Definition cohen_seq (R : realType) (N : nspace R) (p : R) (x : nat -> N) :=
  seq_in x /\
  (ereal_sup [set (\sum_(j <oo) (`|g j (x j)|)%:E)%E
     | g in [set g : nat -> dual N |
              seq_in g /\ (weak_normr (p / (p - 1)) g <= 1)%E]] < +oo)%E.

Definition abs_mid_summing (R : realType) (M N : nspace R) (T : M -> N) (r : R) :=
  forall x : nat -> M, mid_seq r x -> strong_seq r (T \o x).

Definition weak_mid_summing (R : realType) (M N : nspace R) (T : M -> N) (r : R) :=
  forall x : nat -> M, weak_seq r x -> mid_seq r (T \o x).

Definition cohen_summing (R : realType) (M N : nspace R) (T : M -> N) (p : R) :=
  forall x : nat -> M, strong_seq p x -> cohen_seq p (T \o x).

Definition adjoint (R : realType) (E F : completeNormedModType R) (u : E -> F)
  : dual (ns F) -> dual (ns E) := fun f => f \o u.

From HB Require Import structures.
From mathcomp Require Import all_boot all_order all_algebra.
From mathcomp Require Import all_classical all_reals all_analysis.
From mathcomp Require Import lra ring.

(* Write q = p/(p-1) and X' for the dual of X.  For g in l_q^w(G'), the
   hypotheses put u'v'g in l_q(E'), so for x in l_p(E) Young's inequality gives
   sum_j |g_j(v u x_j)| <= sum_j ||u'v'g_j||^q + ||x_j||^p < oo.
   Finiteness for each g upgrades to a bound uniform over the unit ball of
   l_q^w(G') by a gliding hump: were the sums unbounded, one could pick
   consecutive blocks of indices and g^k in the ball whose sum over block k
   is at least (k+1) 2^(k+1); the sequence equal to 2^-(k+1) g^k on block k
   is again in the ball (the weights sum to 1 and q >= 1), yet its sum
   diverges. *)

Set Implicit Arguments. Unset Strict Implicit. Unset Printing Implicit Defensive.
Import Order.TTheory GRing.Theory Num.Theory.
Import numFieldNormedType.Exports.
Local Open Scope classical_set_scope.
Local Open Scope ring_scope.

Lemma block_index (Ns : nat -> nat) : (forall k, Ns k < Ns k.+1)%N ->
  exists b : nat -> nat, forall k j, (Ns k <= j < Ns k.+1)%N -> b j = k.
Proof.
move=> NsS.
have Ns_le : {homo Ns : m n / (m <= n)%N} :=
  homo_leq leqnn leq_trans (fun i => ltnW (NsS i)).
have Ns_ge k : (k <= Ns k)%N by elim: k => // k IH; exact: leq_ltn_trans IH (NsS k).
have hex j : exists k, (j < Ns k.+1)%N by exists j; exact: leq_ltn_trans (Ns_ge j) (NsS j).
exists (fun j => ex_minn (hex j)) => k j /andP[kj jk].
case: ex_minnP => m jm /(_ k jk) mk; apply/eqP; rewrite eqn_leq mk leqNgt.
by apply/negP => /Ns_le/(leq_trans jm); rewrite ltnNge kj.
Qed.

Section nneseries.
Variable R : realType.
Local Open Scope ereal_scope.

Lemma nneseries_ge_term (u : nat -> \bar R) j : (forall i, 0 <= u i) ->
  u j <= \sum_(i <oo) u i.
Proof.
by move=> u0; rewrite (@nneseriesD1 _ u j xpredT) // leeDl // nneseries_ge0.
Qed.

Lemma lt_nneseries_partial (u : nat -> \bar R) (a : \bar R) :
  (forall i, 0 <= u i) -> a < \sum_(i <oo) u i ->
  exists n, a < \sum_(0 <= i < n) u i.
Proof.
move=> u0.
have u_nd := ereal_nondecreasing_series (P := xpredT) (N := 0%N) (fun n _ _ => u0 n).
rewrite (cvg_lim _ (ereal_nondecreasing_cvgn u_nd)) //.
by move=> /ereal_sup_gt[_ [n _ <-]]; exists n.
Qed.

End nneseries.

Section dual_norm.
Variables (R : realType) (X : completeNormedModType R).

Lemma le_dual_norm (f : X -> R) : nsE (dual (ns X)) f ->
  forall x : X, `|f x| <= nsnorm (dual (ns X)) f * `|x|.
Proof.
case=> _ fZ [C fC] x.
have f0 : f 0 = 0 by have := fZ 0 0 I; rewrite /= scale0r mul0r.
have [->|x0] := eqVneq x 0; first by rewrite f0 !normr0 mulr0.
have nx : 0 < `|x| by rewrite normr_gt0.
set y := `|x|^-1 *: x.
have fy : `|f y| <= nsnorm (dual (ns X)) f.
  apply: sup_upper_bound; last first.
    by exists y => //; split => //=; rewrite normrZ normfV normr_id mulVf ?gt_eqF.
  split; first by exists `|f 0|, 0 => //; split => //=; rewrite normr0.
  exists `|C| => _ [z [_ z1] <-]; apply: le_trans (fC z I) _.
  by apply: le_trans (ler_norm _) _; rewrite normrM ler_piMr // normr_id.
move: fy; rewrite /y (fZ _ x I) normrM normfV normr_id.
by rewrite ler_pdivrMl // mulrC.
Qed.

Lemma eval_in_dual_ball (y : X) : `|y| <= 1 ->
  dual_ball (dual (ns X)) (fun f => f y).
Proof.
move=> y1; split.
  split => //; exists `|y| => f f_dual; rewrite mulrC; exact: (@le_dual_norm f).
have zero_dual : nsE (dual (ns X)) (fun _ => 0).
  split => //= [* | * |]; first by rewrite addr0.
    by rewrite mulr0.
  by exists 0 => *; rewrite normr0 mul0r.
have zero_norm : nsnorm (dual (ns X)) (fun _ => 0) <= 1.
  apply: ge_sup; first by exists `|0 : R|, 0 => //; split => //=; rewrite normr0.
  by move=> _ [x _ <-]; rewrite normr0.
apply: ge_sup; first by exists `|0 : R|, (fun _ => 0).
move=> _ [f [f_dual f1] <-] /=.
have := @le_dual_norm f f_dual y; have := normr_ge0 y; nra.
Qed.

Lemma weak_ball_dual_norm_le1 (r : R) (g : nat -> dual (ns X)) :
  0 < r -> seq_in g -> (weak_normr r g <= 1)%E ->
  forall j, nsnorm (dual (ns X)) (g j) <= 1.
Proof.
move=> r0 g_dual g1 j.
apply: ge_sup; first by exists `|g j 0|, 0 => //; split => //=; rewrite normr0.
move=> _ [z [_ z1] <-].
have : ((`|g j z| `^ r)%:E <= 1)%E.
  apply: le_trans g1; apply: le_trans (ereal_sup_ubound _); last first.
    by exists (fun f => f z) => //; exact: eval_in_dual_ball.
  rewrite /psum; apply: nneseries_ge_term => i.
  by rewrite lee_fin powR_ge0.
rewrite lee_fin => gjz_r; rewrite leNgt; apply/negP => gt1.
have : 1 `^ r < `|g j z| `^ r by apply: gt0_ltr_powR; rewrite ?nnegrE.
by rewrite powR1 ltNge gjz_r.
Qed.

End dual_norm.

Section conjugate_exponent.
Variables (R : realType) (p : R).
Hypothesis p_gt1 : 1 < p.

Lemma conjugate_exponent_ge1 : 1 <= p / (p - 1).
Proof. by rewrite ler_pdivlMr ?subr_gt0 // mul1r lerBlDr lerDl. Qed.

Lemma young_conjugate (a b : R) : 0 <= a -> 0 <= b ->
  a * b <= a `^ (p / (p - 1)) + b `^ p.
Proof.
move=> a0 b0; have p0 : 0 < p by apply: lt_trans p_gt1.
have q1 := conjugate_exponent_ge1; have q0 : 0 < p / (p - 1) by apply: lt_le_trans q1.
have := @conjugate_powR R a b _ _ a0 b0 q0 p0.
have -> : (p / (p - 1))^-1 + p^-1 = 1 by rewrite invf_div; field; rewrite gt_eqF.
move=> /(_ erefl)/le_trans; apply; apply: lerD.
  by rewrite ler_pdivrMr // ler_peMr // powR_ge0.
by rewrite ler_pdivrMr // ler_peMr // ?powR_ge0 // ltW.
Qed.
____________________
The lines above from the one containing "Section dual_norm." through the one containing "apply: le_trans g1;" are to be set down exactly, and no others.

Section dual_norm.
Variables (R : realType) (X : completeNormedModType R).

Lemma le_dual_norm (f : X -> R) : nsE (dual (ns X)) f ->
  forall x : X, `|f x| <= nsnorm (dual (ns X)) f * `|x|.
Proof.
case=> _ fZ [C fC] x.
have f0 : f 0 = 0 by have := fZ 0 0 I; rewrite /= scale0r mul0r.
have [->|x0] := eqVneq x 0; first by rewrite f0 !normr0 mulr0.
have nx : 0 < `|x| by rewrite normr_gt0.
set y := `|x|^-1 *: x.
have fy : `|f y| <= nsnorm (dual (ns X)) f.
  apply: sup_upper_bound; last first.
    by exists y => //; split => //=; rewrite normrZ normfV normr_id mulVf ?gt_eqF.
  split; first by exists `|f 0|, 0 => //; split => //=; rewrite normr0.
  exists `|C| => _ [z [_ z1] <-]; apply: le_trans (fC z I) _.
  by apply: le_trans (ler_norm _) _; rewrite normrM ler_piMr // normr_id.
move: fy; rewrite /y (fZ _ x I) normrM normfV normr_id.
by rewrite ler_pdivrMl // mulrC.
Qed.

Lemma eval_in_dual_ball (y : X) : `|y| <= 1 ->
  dual_ball (dual (ns X)) (fun f => f y).
Proof.
move=> y1; split.
  split => //; exists `|y| => f f_dual; rewrite mulrC; exact: (@le_dual_norm f).
have zero_dual : nsE (dual (ns X)) (fun _ => 0).
  split => //= [* | * |]; first by rewrite addr0.
    by rewrite mulr0.
  by exists 0 => *; rewrite normr0 mul0r.
have zero_norm : nsnorm (dual (ns X)) (fun _ => 0) <= 1.
  apply: ge_sup; first by exists `|0 : R|, 0 => //; split => //=; rewrite normr0.
  by move=> _ [x _ <-]; rewrite normr0.
apply: ge_sup; first by exists `|0 : R|, (fun _ => 0).
move=> _ [f [f_dual f1] <-] /=.
have := @le_dual_norm f f_dual y; have := normr_ge0 y; nra.
Qed.

Lemma weak_ball_dual_norm_le1 (r : R) (g : nat -> dual (ns X)) :
  0 < r -> seq_in g -> (weak_normr r g <= 1)%E ->
  forall j, nsnorm (dual (ns X)) (g j) <= 1.
Proof.
move=> r0 g_dual g1 j.
apply: ge_sup; first by exists `|g j 0|, 0 => //; split => //=; rewrite normr0.
move=> _ [z [_ z1] <-].
have : ((`|g j z| `^ r)%:E <= 1)%E.
  apply: le_trans g1; apply: le_trans (ereal_sup_ubound _); last first.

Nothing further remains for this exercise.